No one ever submitted himself to God's will as fully as Jesus. No one, not even the Buddha himself, ever emptied himself more completely, in order to be filled with the almighty power of the living God.

St. John tells us in the earlier part of chapter 11 that Jesus depended so completely on his heavenly Father that he purposely delayed going to Bethany until after Lazarus was dead. According to St. John, this was Jesus' last and greatest miracle before he himself died and rose again.

Surely we want this kind of faith, even a small portion of it. Yet it is not something we can strive for, because it's not a deed or an accomplishment. Martin Luther was very clear about this: faith is not another good work. Faith is letting go, letting yourself fall into the arms of God. Faith is submission, something that takes no effort, but rather the opposite of effort. So it's something we can all "do".

What a great paradox, that we must let go of life, and accept death in order to live.

There's an old negro spiritual that goes, "So high you can't get over it; So low you can't get under it; So wide, you can't get around it; You gotta go in through the door."

Author William Bridges says in his book Transitions, "The way out is the way in." If Jesus has gifted us with his death and resurrection, then we have no reason to fear death or the grief associated with it. There will always be a morning after, through the work of our Lord Jesus on our behalf. So we have newness of life, every day, as well as on the Final Day.

Someone once said, "In the midst of life we are in death." I would rather say, "In the midst of death, we are in life."
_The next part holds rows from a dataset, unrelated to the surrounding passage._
(* Let $n \in \mathbb{Z}_{\geq 0}$, $k \in \mathbb{Z}_{\geq 1}$, $m_1,\dots,m_k\in\mathbb{Z}_{\geq 2}$, and let \[ G = \langle e_1, \ldots, e_k, h_1, \ldots, h_{2n} \mid e_1^{m_1} = \cdots = e_k^{m_k} = 1 \rangle , \] and assume that $G$ is neither cyclic nor isomorphic to $\mathbb{Z}_2\ast\mathbb{Z}_2$. Let $F$ be the subgroup of $G$ generated by $S_1\cup S_2$ (defined below). Then $F$ is a free group and $[G:F]=m_1\cdots m_k$.
   Context: Notation: $[l]=\{1,\dots,l\}$ for $l\in\mathbb{Z}_{>0}$; $[g,h]=ghg^{-1}h^{-1}$ and ${}^{g}h = ghg^{-1}$. For $2\le t\le k$ set $\Lambda_t = \big(([m_1]\times\cdots\times[m_{t-1}])\setminus\{(m_1,\dots,m_{t-1})\}\big)\times[m_t-1]$ and $\Xi_t=[m_{t+1}]\times\cdots\times[m_k]$, where $\Xi_k=\{0\}$. For $\lambda=(u_1,\dots,u_t)\in\Lambda_t$ and $\xi=(u_{t+1},\dots,u_k)\in\Xi_t$ put $f_\lambda=[e_t^{u_t}, e_{t-1}^{u_{t-1}}\cdots e_1^{u_1}]$ and $g_\xi = e_k^{u_k}\cdots e_{t+1}^{u_{t+1}}$ (with $g_\xi=1$ for $\xi\in\Xi_k$). Set $S_1=\{{}^{g_\xi}f_\lambda \mid 2\le t\le k,\ \lambda\in\Lambda_t,\ \xi\in\Xi_t\}$ and $S_2=\{{}^{e_k^{i_k}\cdots e_1^{i_1}}h_l \mid l\in[2n],\ (i_1,\dots,i_k)\in[m_1]\times\cdots\times[m_k]\}$. *)

From Stdlib Require Import Arith.

Record Grp := {
  carrier :> Type;
  gmul : carrier -> carrier -> carrier;
  gone : carrier;
  ginv : carrier -> carrier;
  gmulA : forall x y z, gmul x (gmul y z) = gmul (gmul x y) z;
  gmul1g : forall x, gmul gone x = x;
  gmulVg : forall x, gmul (ginv x) x = gone
}.

Arguments gmul {g}.
Arguments gone {g}.
Arguments ginv {g}.

Fixpoint gpow {G : Grp} (x : G) (n : nat) : G :=
  match n with O => gone | S n' => gmul x (gpow x n') end.

Definition gcomm {G : Grp} (g h : G) : G :=
  gmul g (gmul h (gmul (ginv g) (ginv h))).

Definition gconj {G : Grp} (g h : G) : G := gmul g (gmul h (ginv g)).

Definition is_hom {G H : Grp} (f : G -> H) : Prop :=
  forall x y, f (gmul x y) = gmul (f x) (f y).

Inductive gen {G : Grp} (S : G -> Prop) : G -> Prop :=
| gen_in : forall x, S x -> gen S x
| gen_one : gen S gone
| gen_mul : forall x y, gen S x -> gen S y -> gen S (gmul x y)
| gen_inv : forall x, gen S x -> gen S (ginv x).

(* G, with distinguished elements e_1..e_k and h_1..h_{2n}, is the group
   < e_1..e_k, h_1..h_{2n} | e_j^{m_j} = 1 > (universal property of the
   presentation). *)
Definition is_presented (G : Grp) (k n : nat) (m : nat -> nat)
  (e h : nat -> G) : Prop :=
  (forall j, 1 <= j <= k -> gpow (e j) (m j) = gone) /\
  (forall (H : Grp) (a b : nat -> H),
     (forall j, 1 <= j <= k -> gpow (a j) (m j) = gone) ->
     exists f : G -> H, is_hom f /\
       (forall j, 1 <= j <= k -> f (e j) = a j) /\
       (forall l, 1 <= l <= 2 * n -> f (h l) = b l)) /\
  (forall (H : Grp) (f1 f2 : G -> H), is_hom f1 -> is_hom f2 ->
     (forall j, 1 <= j <= k -> f1 (e j) = f2 (e j)) ->
     (forall l, 1 <= l <= 2 * n -> f1 (h l) = f2 (h l)) ->
     forall x, f1 x = f2 x).

Definition is_cyclic (G : Grp) : Prop :=
  exists g : G, forall x : G, gen (fun y => y = g) x.

(* G is isomorphic to Z_2 * Z_2 = < a, b | a^2 = b^2 = 1 >. *)
Definition iso_Z2_free_Z2 (G : Grp) : Prop :=
  exists a b : nat -> G, is_presented G 2 0 (fun _ => 2) a b.

(* B freely generates the subgroup <B> of G (universal property). *)
Definition free_basis {G : Grp} (B : G -> Prop) : Prop :=
  forall (H : Grp) (phi : G -> H),
    (exists psi : G -> H,
       (forall x y, gen B x -> gen B y -> psi (gmul x y) = gmul (psi x) (psi y)) /\
       (forall x, B x -> psi x = phi x)) /\
    (forall psi1 psi2 : G -> H,
       (forall x y, gen B x -> gen B y -> psi1 (gmul x y) = gmul (psi1 x) (psi1 y)) ->
       (forall x y, gen B x -> gen B y -> psi2 (gmul x y) = gmul (psi2 x) (psi2 y)) ->
       (forall x, B x -> psi1 x = psi2 x) ->
       forall x, gen B x -> psi1 x = psi2 x).

Definition is_free_subgroup {G : Grp} (F : G -> Prop) : Prop :=
  exists B : G -> Prop, (forall x, F x <-> gen B x) /\ free_basis B.

(* [G : F] = N : there are exactly N left cosets x F. *)
Definition has_index {G : Grp} (F : G -> Prop) (N : nat) : Prop :=
  exists r : nat -> G,
    (forall x : G, exists i, i < N /\ F (gmul (ginv (r i)) x)) /\
    (forall i j, i < N -> j < N -> F (gmul (ginv (r i)) (r j)) -> i = j).

(* e_j^{u_j} e_{j-1}^{u_{j-1}} ... e_{lo+1}^{u_{lo+1}}  (empty product = 1) *)
Fixpoint prod_down {G : Grp} (e : nat -> G) (u : nat -> nat) (lo j : nat) : G :=
  match j with
  | O => gone
  | S j' => if S j' <=? lo then gone
            else gmul (gpow (e (S j')) (u (S j'))) (prod_down e u lo j')
  end.

Definition f_lam {G : Grp} (e : nat -> G) (t : nat) (u : nat -> nat) : G :=
  gcomm (gpow (e t) (u t)) (prod_down e u 0 (t - 1)).

Definition g_xi {G : Grp} (e : nat -> G) (k t : nat) (u : nat -> nat) : G :=
  prod_down e u t k.

(* S_1: u encodes lambda = (u_1..u_t) in Lambda_t and xi = (u_{t+1}..u_k) in Xi_t *)
Definition S1 {G : Grp} (k : nat) (m : nat -> nat) (e : nat -> G) (x : G) : Prop :=
  exists t (u : nat -> nat),
    2 <= t <= k /\
    (forall i, 1 <= i <= t - 1 -> 1 <= u i <= m i) /\
    (exists i, 1 <= i <= t - 1 /\ u i <> m i) /\
    1 <= u t <= m t - 1 /\
    (forall i, t + 1 <= i <= k -> 1 <= u i <= m i) /\
    x = gconj (g_xi e k t u) (f_lam e t u).

Definition S2 {G : Grp} (k n : nat) (m : nat -> nat) (e h : nat -> G) (x : G) : Prop :=
  exists l (i : nat -> nat),
    1 <= l <= 2 * n /\
    (forall j, 1 <= j <= k -> 1 <= i j <= m j) /\
    x = gconj (prod_down e i 0 k) (h l).

Fixpoint prod_m (m : nat -> nat) (k : nat) : nat :=
  match k with O => 1 | S k' => m (S k') * prod_m m k' end.

From Stdlib Require Import Arith Lia Bool FunctionalExtensionality ProofIrrelevance
  ClassicalEpsilon.

(* Let A = Z/m_1 x ... x Z/m_k and phi : G -> A the homomorphism killing the h_l
   and sending e_j to the j-th unit vector. The elements
   rep a = (e_k^(u_k) ... e_1^(u_1))^-1, u_i = m_i - a_i, satisfy phi (rep a) = a,
   and the Schreier elements rep (phi(x) a)^-1 x rep a are, for x = h_l, exactly
   the elements of S_2, and for x = e_t quotients X(t, a + delta_t) X(t, a)^-1,
   where X(t, b) = ^(g_xi) f_lambda, with the exponents u_i of rep b, is either
   trivial or in S_1. By induction on x every
   rep (phi x)^-1 x lies in F, and F lies in ker phi, so [G : F] = |A|.

   Freeness: for any map f into a group H, the universal property of G gives a
   homomorphism Phi into the wreath product A x| H^A lifting phi, whose H^A-part
   on e_t is the coboundary of b |-> f (X(t, b)) (or 1 when X(t, b) is trivial)
   and on h_l is b |-> f (rep b^-1 h_l rep b). Evaluating the H^A-part at 0 is
   multiplicative on ker phi and extends f on S_1 and S_2. *)

Lemma gmulgV (G : Grp) (x : G) : gmul x (ginv x) = gone.
Proof.
  rewrite <- (gmul1g G (gmul x (ginv x))), <- (gmulVg G (ginv x)) at 1.
  rewrite <- gmulA, (gmulA G (ginv x) x (ginv x)), gmulVg, gmul1g.
  apply gmulVg.
Qed.

Lemma gmulg1 (G : Grp) (x : G) : gmul x gone = x.
Proof. now rewrite <- (gmulVg G x), gmulA, gmulgV, gmul1g. Qed.

Lemma gmulKg (G : Grp) (x y : G) : gmul (ginv x) (gmul x y) = y.
Proof. now rewrite gmulA, gmulVg, gmul1g. Qed.

Lemma gmulKVg (G : Grp) (x y : G) : gmul x (gmul (ginv x) y) = y.
Proof. now rewrite gmulA, gmulgV, gmul1g. Qed.

Lemma gmulI (G : Grp) (x y z : G) : gmul x y = gmul x z -> y = z.
Proof. intro E. now rewrite <- (gmulKg G x y), E, gmulKg. Qed.

Lemma gmulIr (G : Grp) (x y z : G) : gmul y x = gmul z x -> y = z.
Proof.
  intro E.
  now rewrite <- (gmulg1 G y), <- (gmulgV G x), gmulA, E, <- gmulA, gmulgV, gmulg1.
Qed.

Lemma gmul_eq1_inv (G : Grp) (x y : G) : gmul x y = gone -> y = ginv x.
Proof. intro E. apply (gmulI G x). now rewrite E, gmulgV. Qed.

Lemma ginvK (G : Grp) (x : G) : ginv (ginv x) = x.
Proof. symmetry. apply gmul_eq1_inv, gmulVg. Qed.

Lemma ginvM (G : Grp) (x y : G) : ginv (gmul x y) = gmul (ginv y) (ginv x).
Proof.
  symmetry. apply gmul_eq1_inv.
  now rewrite <- gmulA, (gmulA G y), gmulgV, gmul1g, gmulgV.
Qed.

Lemma ginv1 (G : Grp) : ginv (@gone G) = gone.
Proof. symmetry. apply gmul_eq1_inv, gmul1g. Qed.

Ltac gsimpl :=
  repeat progress (rewrite ?ginvM, ?ginvK, ?ginv1, ?gmul1g, ?gmulg1;
                   rewrite <- ?gmulA; rewrite ?gmulKg, ?gmulKVg, ?gmulgV, ?gmulVg).

Lemma gpowSr (G : Grp) (x : G) n : gpow x (S n) = gmul (gpow x n) x.
Proof.
  induction n as [|n IH]; cbn [gpow] in *.
  - now rewrite gmulg1, gmul1g.
  - now rewrite IH at 1; rewrite gmulA.
Qed.

Section Homomorphisms.
Variables (G H : Grp) (f : G -> H).
Hypothesis f_hom : is_hom f.

Lemma hom1 : f gone = gone.
Proof. apply (gmulI H (f gone)). now rewrite <- f_hom, gmul1g, gmulg1. Qed.

Lemma homV x : f (ginv x) = ginv (f x).
Proof. apply gmul_eq1_inv. now rewrite <- f_hom, gmulgV, hom1. Qed.

Lemma homX x n : f (gpow x n) = gpow (f x) n.
Proof. induction n; cbn [gpow]; [apply hom1|]. now rewrite f_hom, IHn. Qed.

Lemma hom_gconj x y : f (gconj x y) = gconj (f x) (f y).
Proof. unfold gconj. now rewrite !f_hom, homV. Qed.

Lemma hom_gcomm x y : f (gcomm x y) = gcomm (f x) (f y).
Proof. unfold gcomm. now rewrite !f_hom, !homV. Qed.

End Homomorphisms.

Lemma gcomm1g (G : Grp) (y : G) : gcomm gone y = gone.
Proof. unfold gcomm. now gsimpl. Qed.

Lemma gcommg1 (G : Grp) (x : G) : gcomm x gone = gone.
Proof. unfold gcomm. now gsimpl. Qed.

Lemma gconjg1 (G : Grp) (x : G) : gconj x gone = gone.
Proof. unfold gconj. now gsimpl. Qed.

Lemma gcomm_abelian (G : Grp) (x y : G) :
  (forall a b : G, gmul a b = gmul b a) -> gcomm x y = gone.
Proof. intro C. unfold gcomm. rewrite (C (ginv x) (ginv y)). now gsimpl. Qed.

Section Subgroup.
Variables (G : Grp) (K : G -> Prop).
Hypotheses (K1 : K gone) (KM : forall x y, K x -> K y -> K (gmul x y))
  (KV : forall x, K x -> K (ginv x)).

Lemma subgrp_eq (a b : {x : G | K x}) : proj1_sig a = proj1_sig b -> a = b.
Proof.
  destruct a as [a pa], b as [b pb]; simpl; intros <-.
  f_equal. apply proof_irrelevance.
Qed.

Definition SubGrp : Grp.
Proof.
  refine {| carrier := {x : G | K x};
            gmul a b := exist _ (gmul (proj1_sig a) (proj1_sig b))
                                (KM _ _ (proj2_sig a) (proj2_sig b));
            gone := exist _ gone K1;
            ginv a := exist _ (ginv (proj1_sig a)) (KV _ (proj2_sig a)) |};
  intros; apply subgrp_eq; simpl.
  - apply gmulA.
  - apply gmul1g.
  - apply gmulVg.
Defined.

Lemma SubGrp_pow (a : SubGrp) n : proj1_sig (gpow a n) = gpow (proj1_sig a) n.
Proof. induction n; simpl; [reflexivity|]. now rewrite IHn. Qed.

End Subgroup.

(* A subgroup containing the generators of a presented group is everything:
   map G into that subgroup by the universal property and compare with the
   identity by uniqueness. *)
Lemma presented_ind (G : Grp) k n m e h : is_presented G k n m e h ->
  forall K : G -> Prop, K gone -> (forall x y, K x -> K y -> K (gmul x y)) ->
  (forall x, K x -> K (ginv x)) -> (forall j, 1 <= j <= k -> K (e j)) ->
  (forall l, 1 <= l <= 2 * n -> K (h l)) -> forall x, K x.
Proof.
  intros [Hrel [Hex Huniq]] K K1 KM KV Ke Kh.
  set (S := SubGrp G K K1 KM KV).
  set (lift y := match excluded_middle_informative (K y) with
                 | left p => (exist _ y p : S) | right _ => (gone : S) end).
  assert (lift_val : forall y, K y -> proj1_sig (lift y) = y).
  { intros y Ky. unfold lift. now destruct excluded_middle_informative. }
  destruct (Hex S (fun j => lift (e j)) (fun l => lift (h l))) as [f [Hf [Hfe Hfh]]].
  { intros j Hj. apply subgrp_eq. rewrite (SubGrp_pow G K K1 KM KV). simpl.
    now rewrite lift_val, Hrel; auto. }
  intro x. rewrite <- (Huniq G (fun x => proj1_sig (f x)) (fun x => x)).
  - apply (proj2_sig (f x)).
  - intros u v. simpl. now rewrite Hf.
  - now intros u v.
  - intros j Hj. now rewrite Hfe, lift_val; auto.
  - intros l Hl. now rewrite Hfh, lift_val; auto.
Qed.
To conclude, I'd like to quote a certain Dr. Effie Jane Wheeler, who taught English Literature at Wheaton College in Illinois in the 1930's and 40's. In May of 1949 she wrote the following letter to the president of the college, and through him to the rest of the college:

"I greatly appreciate the moment in the chapel that may be given to reading this, for before you leave for the summer, I would like to have you know the truth about me as I learned it for myself last Friday. My doctor has at last given me what has been his real diagnosis of my illness for weeks — an inoperable case of cancer. Now if he had been a Christian he wouldn't have been so shaken, for he would have known as you and I do that life or death is equally welcome when we live in the will and presence of the Lord. Please do not give a moment's grief for me. I do not say a cold goodbye, but a warm Auf Wiedersehen till I see you again in that blessed land where I may be allowed to draw aside a curtain when you enter." Amen.